Another note about nutrition during the holidays is certainly about alcohol and along with being the person who brings that wonderful, delicious, festive, amazing nutrient dense dish, I wonder if you might also be the person who’s helping provide non-alcoholic options. There are a lot of opportunities for alcohol during the holidays but it’s also a great opportunity for amazing mocktails to celebrate all the great kombuchas and non-alcoholic options that are available now more than ever. If you’ve stopped drinking alcohol or you’re trying to do a better job with it this holiday season, be that person who helps everybody have more non-alcoholic options at the holiday table.
Engagement
The last practice that is so important for helping build your mental fitness this holiday season is the practice of engagement. Engagement is my request that you fight the algorithm, that you make your holiday yours. So often the holidays can be stressful, they can be filled with all kinds of messages about the things we need to buy or the FOMO that we’re not going someplace incredible. Perhaps for you, the engagement is around the complex emotions of the holidays that your family and your family system is just going through a lot. Whatever it is, engagement is, one of your secrets to having a great holiday season, because it really asks you to, again, that thing I say often, take a little bit of a step back, take some breaths, maybe do some journaling, but to really engage with the values that are important for you this holiday season.

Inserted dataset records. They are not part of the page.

Lemma velocity_atE psi : normalized_domQ psi ->
  velocity_at W psi = growth_rate (fun t => Q_norm (iter t (walk_act W) psi)).
Proof.
move=> psi_ok; congr limn_esup; apply/funext => t.
by rewrite esqrt_Q_norm2 //; exact: normalized_domQ_iter.
Qed.

End Walk.

Lemma velocity_at_pow (W : walk R) k psi : walk_ok W -> normalized_domQ psi ->
  velocity_at (walk_pow W k) psi = (k%:R%:E * velocity_at W psi)%E.
Proof.
move=> W_ok psi_ok.
rewrite (velocity_atE (walk_ok_pow W k W_ok) _ psi_ok) (velocity_atE W_ok _ psi_ok).
under [X in growth_rate X]eq_fun => t do rewrite iter_walk_act_pow.
have Q_ge0 t : 0 <= Q_norm (iter t (walk_act W) psi) by exact: sqrtr_ge0.
have c_ge0 : 0 <= 2 * (size W)%:R :> R by rewrite mulr_ge0.
apply: (growth_rate_subseq c_ge0 Q_ge0) => t /=.
exact/(Q_norm_walk_le _ _ W_ok)/normalized_domQ_iter.
Qed.

Definition delta0 : state R :=
  fun j => if j == 0 then \col_i (if i == ep then 1 else 0) else 0.

Lemma normalized_domQ_delta0 : normalized_domQ delta0.
Proof.
have vabs2_delta0 j : vabs2 (delta0 j) = (j == 0)%:R.
  by rewrite /delta0 /vabs2; case: eqP => _; rewrite !mxE /cabs2 /=; ring.
split.
  transitivity (\esum_(j in [set 0%R : int]) (1 : R)%:E); last by rewrite esum_set1.
  rewrite [RHS]esum_mkcond; apply: eq_esum => j _.
  rewrite vabs2_delta0; have [->|j_neq0] := eqVneq j 0; first by rewrite mem_set.
  by rewrite memNset //; exact/eqP.
rewrite /Q_norm2 esum1 ?ltry // => j _.
by rewrite vabs2_delta0; case: eqP => [->|_]; rewrite ?mulr0 ?expr0n ?mul0r.
Qed.

End QuantumWalk.

Theorem lemma3p6 (R : realType) (W : walk R) (k : nat) :
  walk_ok W ->
  velocity (walk_pow W k) = ((k%:R : R)%:E * velocity W)%E.
Proof.
move=> W_ok; rewrite /velocity.
have -> : [set velocity_at (walk_pow W k) psi | psi in @normalized_domQ R]%classic =
    [set (k%:R%:E * v)%E | v in [set velocity_at W psi | psi in @normalized_domQ R]]%classic.
  by rewrite image_comp; apply: eq_imagel => psi psi_ok; rewrite velocity_at_pow.
rewrite ereal_supZl //; apply/set0P.
by exists (velocity_at W (delta0 R)); exists (delta0 R); first exact: normalized_domQ_delta0.
Qed.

If you’re someone who’s always scrambling and I’ve been there, you’re sending out the holiday card at the last minute, you’re filled with regret, you didn’t really spend any time shopping or you just bought a bunch of stuff, that’s a great spot for you to sit with and think about how you’re more engaged. How can you not be rushing and wrapping and scrambling, but how can you be in control and engaged with the joyous holiday time?
Building the mental fitness that you want and that you deserve and spreading that to your friends, your family and your community. Everybody, that’s what Healing the Modern Brain is all about. It really matters that you keep it up during the holiday season. I think it’s a great test for all of us on how are we doing. I wish you the very best. I hope this helps you connect and take control. And I hope that these three powerful practices are with you every day as you connect with people and have a wonderful, wonderful holiday time.